Thursday, February 15, 2007 Mining firm gives package to community By Ryan Rosauro Ozamiz correspondent
DIPOLOG CITY---Mining company TVI Resources Development Inc. (TVIRD) has recently announced its grant of financial assistance to a community in Siocon town of Zamboanga del Norte for setting up a potable water supply system.
In a news release, Felice Yeban, director of TVIRD's Community Relations and Development Office (Credo), said the assistance represents their first project under the company's Social Development and Management Program (SDMP), which earned government approval lately.
The 1995 Philippine Mining Act requires mining companies to allocate funds from its revenues for social development activities in communities affected by its operations.
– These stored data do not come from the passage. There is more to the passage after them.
Lemma transfer_inj c bs a bs' a' : transfer_dom c bs a -> transfer_dom c bs' a' ->
  transfer c bs a = transfer c bs' a' -> bs = bs' /\ a = a'.
Proof.
have inj0 bs1 a1 bs2 a2 : transfer_dom 0 bs1 a1 -> transfer_dom 0 bs2 a2 ->
    transfer 0 bs1 a1 = transfer 0 bs2 a2 -> bs1 = bs2 /\ a1 = a2.
  by rewrite !transfer_dom0 !transfer0 => /andP[_ /eqP ->] /andP[_ /eqP ->] [->].
elim: bs c a bs' a' => [|b bs IH] [|c] a bs' a'; try exact: inj0.
  by case/and4P=> _ _ _ /eqP; rewrite addSn.
case: bs' => [|b' bs'] V V'; first by case/and4P: V' => _ _ _ /eqP; rewrite addSn.
have [Ht|Hr] := boolP (head 0 a == c.+1); have [Ht'|Hr'] := boolP (head 0 a' == c.+1).
- case: a V Ht => [|x a] //; rewrite [head _ _]/= => V /eqP ?; subst x.
  case: a' V' Ht' => [|x a'] //; rewrite [head _ _]/= => V' /eqP ?; subst x.
  rewrite !transfer_top => -[E1 -> E2].
  have [-> ->] : bs = bs' /\ a = a'.
    by apply: IH (transfer_dom_top V) (transfer_dom_top V') _; apply: injective_projections.
  by [].
- case: a V Ht => [|x a] //; rewrite [head _ _]/= => V /eqP ?; subst x.
  by move/(transfer_top_neq_raise V V' Hr').
- case: a' V' Ht' => [|x a'] //; rewrite [head _ _]/= => V' /eqP ?; subst x.
  by move/esym/(transfer_top_neq_raise V' V Hr).
rewrite !transfer_raise //.
have W := transfer_dom_raise V Hr; have W' := transfer_dom_raise V' Hr'.
case E: (transfer c bs a) => [L D]; case E': (transfer c bs' a') => [L' D'] /= [EL ED].
have [[SL AL _ _ _] Inv] := transfer_spec W E; have [_ HL] := Inv b (transfer_dom_head V).
have [[SL' AL' _ _ _] Inv'] := transfer_spec W' E'; have [_ HL'] := Inv' b' (transfer_dom_head V').
have [-> EL'] := raise_top_inj SL AL HL SL' AL' HL' EL.
by have [-> ->] := IH _ _ _ _ W W' (etrans E (etrans (congr2 pair EL' ED) (esym E'))).
Qed.

Definition lower_top (c : nat) (L : seq nat) : seq nat :=
  (if c is 0 then [::] else nseq (num_ge c.+1 L) c) ++ drop (num_ge c.+1 L) L.

Lemma lower_top_spec c L : sorted geq L -> all (fun x => 0 < x <= c.+1) L ->
  [/\ sorted geq (lower_top c L), all (fun x => 0 < x <= c) (lower_top c L),
      0 < c -> num_ge c.+1 L <= num_ge c (lower_top c L),
      size (lower_top c L) <= size L
    & raise_top c (num_ge c.+1 L) (lower_top c L) = L].
Proof.
move=> SL AL; set x := num_ge c.+1 L.
have [_ Hlow] := num_ge_split c.+1 SL; rewrite -/x in Hlow.
have Hle : all (fun y => y <= c.+1) L by apply: sub_all AL => y /andP[].
have EL : L = nseq x c.+1 ++ drop x L by rewrite -{1}(cat_take_drop x L) (take_num_ge SL Hle).
have AdL : all (fun y => 0 < y <= c) (drop x L).
  by apply/allP=> y Hy; move: (allP Hlow y Hy) (allP AL y (mem_drop Hy)); lia.
have Hsz : size L = x + size (drop x L) by rewrite {1}EL size_cat size_nseq.
rewrite /lower_top /raise_top -/x; clearbody x.
case: c AL Hle EL AdL Hlow => [|c] AL Hle EL AdL Hlow /=.
  have Hd : drop x L = [::] by case: (drop x L) AdL => [|[]].
  by rewrite Hd cats0 in EL *; split=> //.
split.
- apply: sorted_geq_nseq; [exact: drop_sorted | apply: sub_all AdL => y /andP[] //].
- by rewrite all_cat AdL andbT; apply/allP=> y /nseqP[-> _] /=.
- by rewrite count_cat num_ge_nseq leq_addr.
- by rewrite size_cat size_nseq Hsz.
- by rewrite drop_size_cat ?size_nseq // -EL.
Qed.

Lemma transfer_surj_measure N c L D : c + size L + size D <= N ->
  sorted geq L -> all (fun x => 0 < x <= c) L -> sorted leq D ->
  exists bs a, [/\ transfer_dom c bs a, transfer c bs a = (L, D)
    & forall z, (0 < c -> z <= num_ge c L) -> all (leq z) D -> all (leq z) bs].
Proof.
have base L0 D0 : sorted leq D0 -> all (fun x => 0 < x <= 0) L0 ->
    exists bs a, [/\ transfer_dom 0 bs a, transfer 0 bs a = (L0, D0)
      & forall z, (0 < 0 -> z <= num_ge 0 L0) -> all (leq z) D0 -> all (leq z) bs].
  move=> SD0; case: L0 => [|[]] // _.
  by exists D0, (nseq (size D0) 0); rewrite transfer_dom0 SD0 eqxx transfer0.
elim: N c L D => [|N IH] [|c] L D HN SL AL SD; try exact: base; first by [].
have [SL' AL' HL' Hsz' EL] := lower_top_spec SL AL.
set x := num_ge c.+1 L in HL' EL *.
have [Hx | Hx] := boolP (all (leq x) D).
- have HN' : c + size (lower_top c L) + size D <= N by move: HN Hsz'; lia.
  have [bs [a [V E Inv]]] := IH c _ D HN' SL' AL' SD.
  have Hbs := Inv x HL' Hx.
  exists (x :: bs), a; split; first exact: transfer_dom_cons_raise.
    by rewrite transfer_raise ?(transfer_dom_head_neq V) // E /= EL.
  move=> z Hz _; rewrite /= (Hz isT) /=.
  by apply: sub_all Hbs => y; apply: leq_trans (Hz isT).
case: D SD Hx HN => [|y D] //= SD Hx HN.
move: SD; rewrite (path_sortedE leq_trans) => /andP[HyD SD].
have Hxy : y < x.
  rewrite ltnNge; apply: contra Hx => Hxy; rewrite Hxy /=.
  by apply: sub_all HyD => z; apply: leq_trans.
have EL1 : L = c.+1 :: behead L.
  by apply: num_ge_gt0E SL _ (leq_ltn_trans (leq0n y) Hxy); apply: sub_all AL => z /andP[].
have Hx1 : x = (num_ge c.+1 (behead L)).+1 by rewrite /x {1}EL1 /= leqnn.
have HN' : c.+1 + size (behead L) + size D <= N by move: HN; rewrite {1}EL1 /=; lia.
move: SL AL; rewrite EL1 /= (path_sortedE geq_trans) => /andP[_ SL1] /andP[_ AL1].
have [bs [a [V E Inv]]] := IH c.+1 _ D HN' SL1 AL1 SD.
have Hbs : all (leq y) bs by apply: Inv HyD => _; rewrite -ltnS -Hx1.
exists (y :: bs), (c.+1 :: a); split; first exact: transfer_dom_cons_top.
  by rewrite transfer_top E -EL1.
move=> z _ /andP[Hzy _]; rewrite /= Hzy.
by apply: sub_all Hbs => w; apply: leq_trans.
Qed.

Lemma transfer_surj c L D : sorted geq L -> all (fun x => 0 < x <= c) L -> sorted leq D ->
  exists bs a, transfer_dom c bs a /\ transfer c bs a = (L, D).
Proof.
move=> SL AL SD; have [bs [a [V E _]]] := transfer_surj_measure (leqnn _) SL AL SD.
by exists bs, a.
Qed.

Definition fixed_hook_part (j : nat) (l : seq nat) : bool :=
  has (fun i => (hook1 l i == i) && (nth 0 l i.-1 == j)) (iota 1 (size l)).

Definition mult_eq (j : nat) (l : seq nat) : bool := count_mem j l == j.

Definition hook_partition (j : nat) (bs a : seq nat) : seq nat :=
  map (addn j) (rev bs) ++ j :: map (addn 1) a.

Definition mult_partition (j : nat) (LD : seq nat * seq nat) : seq nat :=
  map (addn j.+1) (rev LD.2) ++ nseq j j ++ LD.1.

(* With t parts and the fixed hook in row i of length j, t - i = i - j, so i = t - (t - j)/2. *)
Definition hook_to_mult (j : nat) (l : seq nat) : seq nat :=
  let i := size l - (size l - j)./2 in
  mult_partition j (transfer j.-1 (rev (map (subn^~ j) (take i.-1 l))) (map (subn^~ 1) (drop i l))).

Lemma hook_partition_spec j bs a : 0 < j -> transfer_dom j.-1 bs a ->
  [&& sorted geq (hook_partition j bs a), all (fun x => 0 < x) (hook_partition j bs a)
    & fixed_hook_part j (hook_partition j bs a)].
Proof.
move=> Hj /and4P[Sbs Sa Ha /eqP Hsz]; apply/and3P; split.
- rewrite /hook_partition; apply/sorted_geq_cat_cons; split.
  + by apply: sorted_geq_map; [move=> x y; rewrite leq_add2l | rewrite -rev_sorted revK].
  + by rewrite all_map; apply/allP=> x _ /=; rewrite leq_addr.
  + by apply: sorted_geq_map.
  + by rewrite all_map; apply: sub_all Ha => x /= Hx; lia.
- by rewrite all_cat /= Hj !all_map; apply/andP; split; apply/allP=> x _ /=; lia.
apply/hasP; exists (size bs).+1.
  by rewrite mem_iota /hook_partition size_cat /= size_map size_rev; lia.
rewrite /hook1 /hook_partition /= nth_cat size_map size_rev ltnn subnn /= eqxx andbT.
by rewrite size_cat /= !size_map size_rev; apply/eqP; lia.
Qed.

Lemma fixed_hook_partP j l : sorted geq l -> all (fun x => 0 < x) l -> fixed_hook_part j l ->
  exists bs a, [/\ 0 < j, transfer_dom j.-1 bs a & l = hook_partition j bs a].
Proof.
move=> SL PL /hasP[i]; rewrite mem_iota => /andP[Hi1 Hi2] /andP[/eqP Hh /eqP Hn].
rewrite /hook1 Hn in Hh.
have Hk : i.-1 < size l by lia.
have El : l = take i.-1 l ++ j :: drop i l.
  by rewrite -Hn -{1}(cat_take_drop i.-1 l) (drop_nth 0 Hk) prednK.
have := SL; rewrite {1}El => /sorted_geq_cat_cons[_ Habove _ Hbelow].
have Hj : 0 < j by rewrite -Hn; apply: (allP PL); apply: mem_nth.
have Hpos : all (fun y => 1 <= y) (drop i l) by apply/allP=> y /mem_drop /(allP PL).
exists (rev (map (subn^~ j) (take i.-1 l))), (map (subn^~ 1) (drop i l)); split => //.
  rewrite /transfer_dom rev_sorted size_rev !size_map size_take Hk size_drop.
  apply/and4P; split.
  - by apply: sorted_geq_map; [move=> x y; exact: leq_sub2r | exact: take_sorted].
  - by apply: sorted_geq_map; [move=> x y; exact: leq_sub2r | exact: drop_sorted].
  - by rewrite all_map; apply: sub_all Hbelow => y /= Hy; lia.
  - by apply/eqP; lia.
by rewrite /hook_partition revK !map_subK.
Qed.

Lemma hook_to_mult_hook j bs a : 0 < j -> transfer_dom j.-1 bs a ->
  hook_to_mult j (hook_partition j bs a) = mult_partition j (transfer j.-1 bs a).
Proof.
move=> Hj /and4P[_ _ _ /eqP Hsz].
have Hbs : size (map (addn j) (rev bs)) = size bs by rewrite size_map size_rev.
have Ht : size (hook_partition j bs a) = size bs + (size a).+1.
  by rewrite size_cat /= !size_map size_rev.
rewrite /hook_to_mult Ht.
have -> : size bs + (size a).+1 - (size bs + (size a).+1 - j)./2 = (size bs).+1.
  have -> : size bs + (size a).+1 - j = (size a).*2 by rewrite -addnn Hsz; lia.
  by rewrite half_double; lia.
rewrite /hook_partition /= take_size_cat // map_addK revK.
by rewrite -cat_rcons drop_size_cat ?size_rcons ?Hbs // map_addK.
Qed.

Lemma sumn_hook_partition j bs a : 0 < j -> transfer_dom j.-1 bs a ->
  sumn (hook_partition j bs a) = sumn (mult_partition j (transfer j.-1 bs a)).
Proof.
move=> Hj V; case E: (transfer _ bs a) => [L D].
have [[_ _ _ SzD Sum] _] := transfer_spec V E; case/and4P: V => _ _ _ /eqP Hsz.
rewrite /hook_partition /mult_partition /= !sumn_cat /= !sumn_map_add sumn_nseq.
rewrite !size_rev !sumn_rev SzD Hsz.
by case: j Hj Hsz {E} => [|j] // _ Hsz /=; nia.
Qed.

Lemma mult_partition_spec j L D : 0 < j -> sorted geq L -> all (fun x => 0 < x <= j.-1) L ->
  sorted leq D ->
  [&& sorted geq (mult_partition j (L, D)), all (fun x => 0 < x) (mult_partition j (L, D))
    & mult_eq j (mult_partition j (L, D))].
Proof.
move=> Hj SL AL SD; have AL' : all (fun x => x < j) L by apply: sub_all AL => x; lia.
have -> : mult_eq j (mult_partition j (L, D)).
  rewrite /mult_eq /mult_partition /= !count_cat count_nseq /= eqxx mul1n.
  rewrite (count_memPn _) ?(count_memPn _) ?addn0 //.
  - by apply/negP=> /(allP AL'); rewrite ltnn.
  - by apply/mapP=> -[x _ /eqP]; lia.
rewrite andbT /mult_partition /=; case: j Hj AL AL' => [|j] // _ AL AL' /=; apply/andP; split.
- apply/sorted_geq_cat_cons; split.
  + by apply: sorted_geq_map; [move=> x y; rewrite leq_add2l | rewrite -rev_sorted revK].
  + by rewrite all_map; apply/allP=> x _ /=; lia.
  + by apply: sorted_geq_nseq => //; apply: sub_all AL' => x /ltnW.
  + by rewrite all_cat (sub_all _ AL') ?andbT; [apply/allP=> x /nseqP[-> _] | move=> x /ltnW].
- apply/allP=> x; rewrite mem_cat inE mem_cat => /or4P[/mapP[y _ ->] | /eqP -> | | ] //.
    by case/nseqP=> ->.
  by case/(allP AL)/andP.
Qed.

Lemma mult_partitionP j m : 0 < j -> sorted geq m -> all (fun x => 0 < x) m -> mult_eq j m ->
  exists L D, [/\ sorted geq L, all (fun x => 0 < x <= j.-1) L, sorted leq D
    & m = mult_partition j (L, D)].
Proof.
move=> Hj SM PM /eqP Hm.
have [Habove Hbelow] := num_ge_split j.+1 SM.
set d := num_ge j.+1 m in Habove Hbelow; set T := take d m in Habove *.
set R := drop d m in Hbelow *.
have HjT : count_mem j T = 0 by apply/count_memPn/negP=> /(allP Habove); rewrite ltnn.
have HjR : num_ge j R = j.
  rewrite -[RHS]Hm -(cat_take_drop d m) count_cat -/T -/R HjT add0n.
  by apply: eq_in_count => x /(allP Hbelow); rewrite ltnS /= eqn_leq => ->.
have [Hj_R Hlt_R] := num_ge_split j (drop_sorted d SM); rewrite -/R HjR in Hj_R Hlt_R.
have ET : take j R = nseq j j.
  apply: take_num_ge; [exact: drop_sorted | | by rewrite HjR].
  by apply: sub_all Hbelow => x; rewrite ltnS.
exists (drop j R), (rev (map (subn^~ j.+1) T)); split.
- exact/drop_sorted/drop_sorted.
- apply/allP=> x Hx; have := allP Hlt_R x Hx.
  by have := allP PM x (mem_drop (mem_drop Hx)); lia.
- rewrite rev_sorted; apply: sorted_geq_map; first by move=> x y; exact: leq_sub2r.
  exact: take_sorted.
by rewrite /mult_partition /= revK map_subK // -ET !cat_take_drop.
Qed.

Lemma mult_partition_inj j L1 D1 L2 D2 : all (fun x => x < j) L1 -> all (fun x => x < j) L2 ->
  mult_partition j (L1, D1) = mult_partition j (L2, D2) -> L1 = L2 /\ D1 = D2.
Proof.
move=> A1 A2 E.
have size_top L D : all (fun x => x < j) L -> num_ge j.+1 (mult_partition j (L, D)) = size D.
  move=> AL; rewrite /mult_partition !count_cat num_ge_map_add size_rev.
  rewrite !num_ge_small ?addn0 //; first by apply: sub_all AL => x /leqW.
  by apply/allP=> x /nseqP[-> _].
have Hsz : size D1 = size D2 by rewrite -(size_top L1 D1 A1) -(size_top L2 D2 A2) E.
move/eqP: E; rewrite /mult_partition eqseq_cat ?size_map ?size_rev // eqseq_cat // eqxx /=.
by case/andP=> /eqP/(inj_map (@addnI _))/(can_inj (@revK _)) ED /eqP EL.
Qed.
The water system project will be established in Barangay Makiang, a predominantly Muslim community, which was once stronghold of the Moro National Liberation Front (MNLF).
Makiang is among the barangays in, at least, three towns identified by TVIRD as the "impact communities" of its Canatuan gold-copper mine.
Impact communities are defined as such due to the company's use of its roads or to the relative location of these to the gold-copper project vis-à-vis watershed concerns. These include several communities in Siocon and Baliguian towns of Zamboanga del Norte and R.T. Lim town of nearby Zamboanga Sibugay province.
Makiang also lies within the 8,200-hectare ancestral domain of the indigenous Subanen tribe in the area covered by a Certificate of Ancestral Domain Title (CADT), which President Gloria Macapagal-Arroyo personally awarded during a visit in Siocon over three years ago.
According to Yeban, the water system project is among the community development interventions identified by residents during consultations in the course of drafting the SDMP.
Yeban related that some 70 percent of the materials for the construction of the water system were already delivered to Makiang, and work is slated to begin shortly.
The project will be undertaken by village residents themselves under the supervision of barangay officials and with technical assistance from TVIRD staff, he added.
Imam Awalaluh Danduh expressed gratitude to TVIRD for their enjoyment of the "social dividends" of the mining operation.
Apart from community development investments through the SDMP, TVIRD also pays royalty to the Subanen tribe who holds a CADT over the area.
The company said it paid P6 million royalty in 2005 alone, and provided some 325 jobs to the indigenous people. Through projects undertaken under the SDMP, Yeban expects the company to cultivate stronger relationships with residents of the mine's neighboring communities.
TVIRD's mine operation in Canatuan and its exploration activities in other parts of Zamboanga del Norte province are strongly opposed by the Roman Catholic diocese and a group of Subanen people, citing grave environmental, economic and social costs.